I would follow CDC guidelines. Maybe I would do more if I thought the Trump admin was interfering.

And as for the Dakotas…I thought it was your position that we could dump all the ICU beds into a bucket and then use medical transport to move patients around to fill the ample ICU beds you say we have.

You’re asking a what if question. IF we run out of ICU space nationally.

We have military hospitals that would be a logical location for transport as well as a place to add portable medical facilities. .Military bases generally have lots of real estate to work with and those located on airbases can accommodate mass transport of patients.

What keeps showing up in your answers is how to deal with a surge of critically ill patients and NOTHING about mitigating the number of critically ill patients.

Your method is to let everyone get sick, a lot will die…deal with it.

95% of the population isn’t at significant medical risk of the virus. Everybody I know who got the virus described it as a mild flu.

It’s not HIV or Eboli.

Yes, I am, but I think that, given current trends on infections and hospitalizations, it’s a reasonable what-if question to ask.

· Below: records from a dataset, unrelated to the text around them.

(* Let $\Lambda$ be an ordinal with $2\leq\Lambda\leq\omega$. For each $n\in\Lambda$ let $\delta_n$ be a nonempty family of nonempty subsets of $\omega$ with $\bigcap\delta_n=\varnothing$. Suppose that $\delta_0$ has the finite intersection property and that for each $n\in\Lambda\setminus\{0\}$ there is $\gamma_n\subseteq\mathcal{P}(\omega)$ with $|\gamma_n|\leq\omega$, $\gamma_n$ having the finite intersection property, and $\gamma_n\gg\delta_n$. Then there is a sequence $\langle\alpha_n\rangle_{n\in\Lambda}$ of strictly increasing functions $\alpha_n:\omega\to\omega$ such that: if $k\in\Lambda$ and $A_i\in\{\alpha_i[D]: D\in\delta_i\}$ for all $i\leq k$, then $\bigcap_{i\leq k}A_i$ is infinite.
   Context: Ordinals are von Neumann ordinals ($\Lambda=\{0,1,\dots\}$). A family has the finite intersection property if every finite nonempty subfamily has nonempty intersection. For families $\gamma,\delta$ of sets, $\gamma\gg\delta$ means: for every nonempty $D\in\delta$ there is a nonempty $G\in\gamma$ with $G\subseteq D$. $\alpha[D]$ denotes the image of $D$ under $\alpha$. *)

From Stdlib Require Import List Arith.

(* An ordinal Lambda with 2 <= Lambda <= omega: [None] = omega,
   [Some m] = the finite ordinal m (required 2 <= m). *)
Definition ordLam_ok (L : option nat) : Prop :=
  match L with None => True | Some m => 2 <= m end.

Definition inLam (L : option nat) (n : nat) : Prop :=
  match L with None => True | Some m => n < m end.

Definition nonempty_set (D : nat -> Prop) : Prop := exists x, D x.

Definition FIP (F : (nat -> Prop) -> Prop) : Prop :=
  forall l : list (nat -> Prop), l <> nil -> (forall D, In D l -> F D) ->
    exists x, forall D, In D l -> D x.

Definition countable_family (F : (nat -> Prop) -> Prop) : Prop :=
  exists f : nat -> (nat -> Prop), forall G, F G -> exists k, f k = G.

(* gamma >> delta *)
Definition refines (gamma delta : (nat -> Prop) -> Prop) : Prop :=
  forall D, delta D -> nonempty_set D ->
    exists G, gamma G /\ nonempty_set G /\ forall x, G x -> D x.

Definition strictly_increasing (f : nat -> nat) : Prop :=
  forall a b, a < b -> f a < f b.

Definition image (f : nat -> nat) (D : nat -> Prop) : nat -> Prop :=
  fun y => exists x, D x /\ f x = y.

Definition infinite_set (P : nat -> Prop) : Prop :=
  forall N, exists x, N <= x /\ P x.

(** Take [alpha_0 := g] for a fast-growing strictly increasing [g], and
    arrange that for [i >= 1] every [alpha_i[D]], [D] in [delta_i], contains
    all but finitely many values of [g].  Enumerate the countable family
    [gamma_i] as [G_0, G_1, ...]; its finite intersections are infinite, so
    there is a strictly increasing [p_i] with [p_i m] in [G_0, ..., G_m], and
    [p_i] is eventually inside each member of [gamma_i], hence of [delta_i].
    If [g] outgrows all the [p_i], the strictly increasing [alpha_i] can be
    chosen with [alpha_i (p_i m) = g m] for [m >= i].  Since members of
    [delta_0] are infinite, [g[D_0]] meets the common tail of the other
    [alpha_i[D_i]] in infinitely many points. *)
From Stdlib Require Import List Arith Lia ClassicalEpsilon.

Lemma le_list_max_map {A : Type} (f : A -> nat) (l : list A) (a : A) :
  In a l -> f a <= list_max (map f l).
Proof.
  intros Ha. apply (in_map f) in Ha.
  exact (proj1 (Forall_forall _ _) (proj1 (list_max_le _ _) (le_n _)) _ Ha).
Qed.

Lemma succ_monotone (f : nat -> nat) :
  (forall m, f m <= f (S m)) -> forall a b, a <= b -> f a <= f b.
Proof.
  intros Hf a b Hab. induction Hab as [|b _ IH]; [lia|].
  specialize (Hf b). lia.
Qed.

Lemma succ_strictly_increasing (f : nat -> nat) :
  (forall m, f m < f (S m)) -> strictly_increasing f.
Proof.
  intros Hf a b Hab. induction Hab as [|b _ IH]; [apply Hf|].
  specialize (Hf b). lia.
Qed.

Lemma strictly_increasing_ge (f : nat -> nat) :
  strictly_increasing f -> forall m, m <= f m.
Proof.
  intros Hf m. induction m as [|m IH]; [lia|].
  specialize (Hf m (S m) (Nat.lt_succ_diag_r m)). lia.
Qed.

Lemma strictly_increasing_le_iff (f : nat -> nat) :
  strictly_increasing f -> forall a b, f a <= f b <-> a <= b.
Proof.
  intros Hf a b. split; intros Hab.
  - destruct (le_lt_dec a b) as [|Hba]; [assumption|].
    specialize (Hf b a Hba). lia.
  - destruct (Nat.eq_dec a b) as [->|]; [lia|].
    apply Nat.lt_le_incl, Hf. lia.
Qed.

Definition eventually (P : nat -> Prop) : Prop :=
  exists N, forall m, N <= m -> P m.

Lemma eventually_forall_le (P : nat -> nat -> Prop) (k : nat) :
  (forall i, i <= k -> eventually (P i)) ->
  eventually (fun m => forall i, i <= k -> P i m).
Proof.
  induction k as [|k IH]; intros Hev.
  - destruct (Hev 0 (le_n 0)) as [N HN].
    exists N. intros m Hm i Hi. replace i with 0 by lia. auto.
  - destruct IH as [N1 HN1]; [auto|].
    destruct (Hev (S k) (le_n _)) as [N2 HN2].
    exists (N1 + N2). intros m Hm i Hi.
    destruct (Nat.eq_dec i (S k)) as [->|]; [apply HN2 | apply HN1]; lia.
Qed.

Lemma infinite_eventually (A B : nat -> Prop) :
  infinite_set A -> eventually B -> infinite_set (fun m => A m /\ B m).
Proof.
  intros HA [N HN] M. destruct (HA (N + M)) as [m [Hm Am]].
  exists m. repeat split; auto; [lia | apply HN; lia].
Qed.

Lemma FIP_finite_inter_infinite (F : (nat -> Prop) -> Prop) :
  FIP F -> (exists G, F G) -> (forall x, exists G, F G /\ ~ G x) ->
  forall l, (forall G, In G l -> F G) ->
  infinite_set (fun y => forall G, In G l -> G y).
Proof.
  intros HF [G0 HG0] Hmiss l Hl N.
  destruct (choice _ Hmiss) as [miss Hmiss'].
  destruct (HF (G0 :: l ++ map miss (seq 0 N))) as [y Hy]; [discriminate| |].
  - intros D [<-|HD]; [assumption|].
    apply in_app_or in HD as [HD|HD]; [auto|].
    apply in_map_iff in HD as [x [<- _]]. apply Hmiss'.
  - exists y. split.
    + destruct (le_lt_dec N y) as [|HyN]; [assumption|].
      exfalso. apply (proj2 (Hmiss' y)), (Hy (miss y)).
      right. apply in_or_app. right. apply in_map, in_seq. lia.
    + intros G HG. apply Hy. right. apply in_or_app. auto.
Qed.

Lemma FIP_member_infinite (F : (nat -> Prop) -> Prop) (D : nat -> Prop) :
  FIP F -> (forall x, exists G, F G /\ ~ G x) -> F D -> infinite_set D.
Proof.
  intros HF Hmiss HD N.
  destruct (FIP_finite_inter_infinite F HF (ex_intro _ D HD) Hmiss (D :: nil))
    with (N := N) as [m [Hm HmD]]; [intros G [<-|[]]; assumption|].
  exists m. split; [assumption | apply HmD; left; reflexivity].
Qed.

Lemma countable_family_enum (F : (nat -> Prop) -> Prop) :
  countable_family F -> (exists G, F G) ->
  exists f : nat -> (nat -> Prop), (forall k, F (f k)) /\ forall G, F G -> exists k, f k = G.
Proof.
  intros [f Hf] [G0 HG0].
  exists (fun k => if excluded_middle_informative (F (f k)) then f k else G0).
  split.
  - intros k. destruct excluded_middle_informative; assumption.
  - intros G HG. destruct (Hf G HG) as [k <-]. exists k.
    destruct excluded_middle_informative; [reflexivity | contradiction].
Qed.

Lemma infinite_diagonal (P : nat -> nat -> Prop) :
  (forall m, infinite_set (P m)) ->
  exists p, strictly_increasing p /\ forall m, P m (p m).
Proof.
  intros HP. destruct (choice _ (fun m => choice _ (HP m))) as [next Hnext].
  exists (fix p m := match m with 0 => next 0 0 | S k => next (S k) (S (p k)) end).
  split.
  - apply succ_strictly_increasing. intros m. apply (Hnext (S m)).
  - intros [|m]; apply Hnext.
Qed.

Lemma refinement_diagonal (gamma delta : (nat -> Prop) -> Prop) :
  (exists D, delta D) -> (forall D, delta D -> nonempty_set D) ->
  (forall x, exists D, delta D /\ ~ D x) ->
  countable_family gamma -> FIP gamma -> refines gamma delta ->
  exists p, strictly_increasing p /\ forall D, delta D -> eventually (fun m => D (p m)).
Proof.
  intros [D0 HD0] Hne Hmiss Hcount HFIP Href.
  assert (Hsub : forall D, delta D -> exists G, gamma G /\ forall x, G x -> D x).
  { intros D HD. destruct (Href D HD (Hne D HD)) as [G [HG [_ HGD]]]. eauto. }
  assert (Hgamma : exists G, gamma G) by (destruct (Hsub D0 HD0) as [G [HG _]]; eauto).
  destruct (countable_family_enum gamma Hcount Hgamma) as [f [Hf Hsurj]].
  destruct (infinite_diagonal (fun m y => forall G, In G (map f (seq 0 (S m))) -> G y))
    as [p [Hp Hpf]].
  { intros m. apply (FIP_finite_inter_infinite gamma); [assumption..| |].
    - intros x. destruct (Hmiss x) as [D [HD HDx]].
      destruct (Hsub D HD) as [G [HG HGD]]. exists G. split; auto.
    - intros G HG. apply in_map_iff in HG as [k [<- _]]. apply Hf. }
  exists p. split; [assumption|].
  intros D HD. destruct (Hsub D HD) as [G [HG HGD]].
  destruct (Hsurj G HG) as [j <-].
  exists j. intros m Hm. apply HGD, Hpf, in_map, in_seq. lia.
Qed.

(** Under the hypotheses of [interpolate_at], this is [x |-> x + (q m - p m)]
    on [[p m, p (S m))]. *)
Definition interpolate (p q : nat -> nat) (x : nat) : nat :=
  x + list_max (map (fun m => if p m <=? x then q m - p m else 0) (seq 0 (S x))).

Lemma interpolate_strictly_increasing (p q : nat -> nat) :
  strictly_increasing (interpolate p q).
Proof.
  apply succ_strictly_increasing. intros x. unfold interpolate.
  enough (list_max (map (fun m => if p m <=? x then q m - p m else 0) (seq 0 (S x)))
          <= list_max (map (fun m => if p m <=? S x then q m - p m else 0) (seq 0 (S (S x)))))
    by lia.
  apply list_max_le, Forall_forall. intros a Ha.
  apply in_map_iff in Ha as [m [<- Hm]]. apply in_seq in Hm.
  apply Nat.le_trans with (if p m <=? S x then q m - p m else 0).
  { destruct (Nat.leb_spec (p m) x), (Nat.leb_spec (p m) (S x)); lia. }
  apply (le_list_max_map (fun m => if p m <=? S x then q m - p m else 0)), in_seq. lia.
Qed.

Lemma interpolate_at (p q : nat -> nat) :
  strictly_increasing p -> (forall m, p m <= q m) ->
  (forall m, q m - p m <= q (S m) - p (S m)) ->
  forall m, interpolate p q (p m) = q m.
Proof.
  intros Hp Hpq Hgap m. unfold interpolate.
  enough (list_max (map (fun m' => if p m' <=? p m then q m' - p m' else 0) (seq 0 (S (p m))))
          = q m - p m) by (specialize (Hpq m); lia).
  apply Nat.le_antisymm.
  - apply list_max_le, Forall_forall. intros a Ha.
    apply in_map_iff in Ha as [m' [<- _]].
    destruct (Nat.leb_spec (p m') (p m)) as [Hle|]; [|lia].
    apply (succ_monotone (fun k => q k - p k) Hgap).
    exact (proj1 (strictly_increasing_le_iff p Hp m' m) Hle).
  - replace (q m - p m) with (if p m <=? p m then q m - p m else 0)
      by (rewrite Nat.leb_refl; reflexivity).
    apply (le_list_max_map (fun m' => if p m' <=? p m then q m' - p m' else 0)), in_seq.
    pose proof (strictly_increasing_ge p Hp m). lia.
Qed.

Definition column_max (P : nat -> nat -> nat) (m : nat) : nat :=
  list_max (map (fun i => P i m) (seq 0 (S m))).

Fixpoint dominating (P : nat -> nat -> nat) (m : nat) : nat :=
  match m with
  | 0 => column_max P 0
  | S k => S (dominating P k + column_max P m)
  end.

Lemma dominating_strictly_increasing (P : nat -> nat -> nat) :
  strictly_increasing (dominating P).
Proof. apply succ_strictly_increasing. intros m. simpl. lia. Qed.

Lemma le_column_max (P : nat -> nat -> nat) (i m : nat) :
  i <= m -> P i m <= column_max P m.
Proof. intros Him. apply (le_list_max_map (fun i => P i m)), in_seq. lia. Qed.

Lemma le_dominating (P : nat -> nat -> nat) (i m : nat) :
  i <= m -> P i m <= dominating P m.
Proof.
  intros Him. pose proof (le_column_max P i m Him).
  destruct m; simpl in *; lia.
Qed.

Lemma dominating_interpolate (P : nat -> nat -> nat) (i : nat) :
  strictly_increasing (P i) ->
  forall m, i <= m ->
  interpolate (fun k => P i (k + i)) (fun k => dominating P (k + i)) (P i m) = dominating P m.
Proof.
  intros Hp m Him. replace m with (m - i + i) by lia.
  apply (interpolate_at (fun k => P i (k + i)) (fun k => dominating P (k + i))).
  - intros a b Hab. apply Hp. lia.
  - intros k. apply le_dominating. lia.
  - intros k. change (S k + i) with (S (k + i)). cbn [dominating].
    pose proof (le_column_max P i (S (k + i)) ltac:(lia)). lia.
Qed.

Definition aligned (P : nat -> nat -> nat) (i : nat) : nat -> nat :=
  match i with
  | 0 => dominating P
  | S _ => interpolate (fun k => P i (k + i)) (fun k => dominating P (k + i))
  end.

Lemma aligned_strictly_increasing (P : nat -> nat -> nat) (i : nat) :
  strictly_increasing (aligned P i).
Proof.
  destruct i; [apply dominating_strictly_increasing | apply interpolate_strictly_increasing].
Qed.

Lemma aligned_image_eventually (P : nat -> nat -> nat) (i : nat) (D : nat -> Prop) :
  i <> 0 -> strictly_increasing (P i) -> eventually (fun m => D (P i m)) ->
  eventually (fun m => image (aligned P i) D (dominating P m)).
Proof.
  intros Hi Hp [N HN]. exists (N + i). intros m Hm. exists (P i m). split.
  - apply HN. lia.
  - destruct i as [|i]; [contradiction|]. apply dominating_interpolate; [assumption | lia].
Qed.

Lemma inLam_le (L : option nat) (i k : nat) : inLam L k -> i <= k -> inLam L i.
Proof. destruct L; simpl; lia. Qed.

Lemma diagonal_sequence (L : option nat) (delta : nat -> (nat -> Prop) -> Prop) :
  (forall n, inLam L n ->
     (exists D, delta n D) /\
     (forall D, delta n D -> nonempty_set D) /\
     (forall x, exists D, delta n D /\ ~ D x)) ->
  (forall n, inLam L n -> n <> 0 ->
     exists gamma : (nat -> Prop) -> Prop,
       countable_family gamma /\ FIP gamma /\ refines gamma (delta n)) ->
  forall i, exists p : nat -> nat,
    strictly_increasing p /\
    (inLam L i -> i <> 0 -> forall D, delta i D -> eventually (fun m => D (p m))).
Proof.
  intros Hdelta Hgamma i.
  destruct (classic (inLam L i /\ i <> 0)) as [[Hi Hi0]|Hbad].
  - destruct (Hdelta i Hi) as [Hex [Hne Hmiss]].
    destruct (Hgamma i Hi Hi0) as [gamma [Hcount [HFIP Href]]].
    destruct (refinement_diagonal gamma (delta i)) as [p [Hp Hev]]; auto.
    exists p. auto.
  - exists (fun m => m). split; [intros a b; auto|].
    intros Hi Hi0. exfalso. auto.
Qed.

Theorem lemma13 (L : option nat) (delta : nat -> (nat -> Prop) -> Prop) :
  ordLam_ok L ->
  (forall n, inLam L n ->
     (exists D, delta n D) /\
     (forall D, delta n D -> nonempty_set D) /\
     (forall x, exists D, delta n D /\ ~ D x)) ->
  FIP (delta 0) ->
  (forall n, inLam L n -> n <> 0 ->
     exists gamma : (nat -> Prop) -> Prop,
       countable_family gamma /\ FIP gamma /\ refines gamma (delta n)) ->
  exists alpha : nat -> nat -> nat,
    (forall n, inLam L n -> strictly_increasing (alpha n)) /\
    (forall k, inLam L k ->
       forall A : nat -> (nat -> Prop),
         (forall i, i <= k -> exists D, delta i D /\ A i = image (alpha i) D) ->
         infinite_set (fun x => forall i, i <= k -> A i x)).
Proof.
  intros _ Hdelta HFIP0 Hgamma.
  destruct (choice _ (diagonal_sequence L delta Hdelta Hgamma)) as [P HP].
  exists (aligned P). split; [intros n _; apply aligned_strictly_increasing|].
  intros k Hk A HA.
  destruct (HA 0 (Nat.le_0_l k)) as [D0 [HD0 HA0]].
  assert (HD0inf : infinite_set D0).
  { destruct (Hdelta 0 (inLam_le L 0 k Hk (Nat.le_0_l k))) as [_ [_ Hmiss]].
    exact (FIP_member_infinite _ D0 HFIP0 Hmiss HD0). }
  assert (Htail : eventually (fun m => forall i, i <= k -> i <> 0 -> A i (dominating P m))).
  { apply eventually_forall_le. intros i Hi.
    destruct (Nat.eq_dec i 0) as [->|Hi0]; [exists 0; intros; contradiction|].
    destruct (HA i Hi) as [D [HD ->]]. destruct (HP i) as [Hp Hev].
    destruct (aligned_image_eventually P i D Hi0 Hp (Hev (inLam_le L i k Hk Hi) Hi0 D HD))
      as [N HN].
    exists N. auto. }
  intros N. destruct (infinite_eventually _ _ HD0inf Htail N) as [m [Hm [HmD Hmtail]]].
  exists (dominating P m). split.
  - pose proof (strictly_increasing_ge _ (dominating_strictly_increasing P) m). lia.
  - intros [|i] Hi; [rewrite HA0; exists m; auto | apply Hmtail; [assumption | discriminate]].
Qed.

And, you are assuming we absolutely will not, which means you aren’t answering my question (or feeling that it’s not going to happen, and thus, not worth answering). Yes, we have military bases and military hospitals – but even then, there’s a finite supply, and not just for hospitals, but for medical professionals (doctors, nurses, respiratory therapists, etc.) who are skilled in dealing with patients in respiratory distress. You can build temporary hospitals all day long, but those need the right kinds of people to staff them, or we’re still SOL.

My suggested method from day 1 is to immediately protect the people who are likely to die from it and use the same mitigating mask protocols.

More lives would have been saved if we focused assets on those who needed it instead of relying on a feel good financial bandaid that hinged on people’s behavior.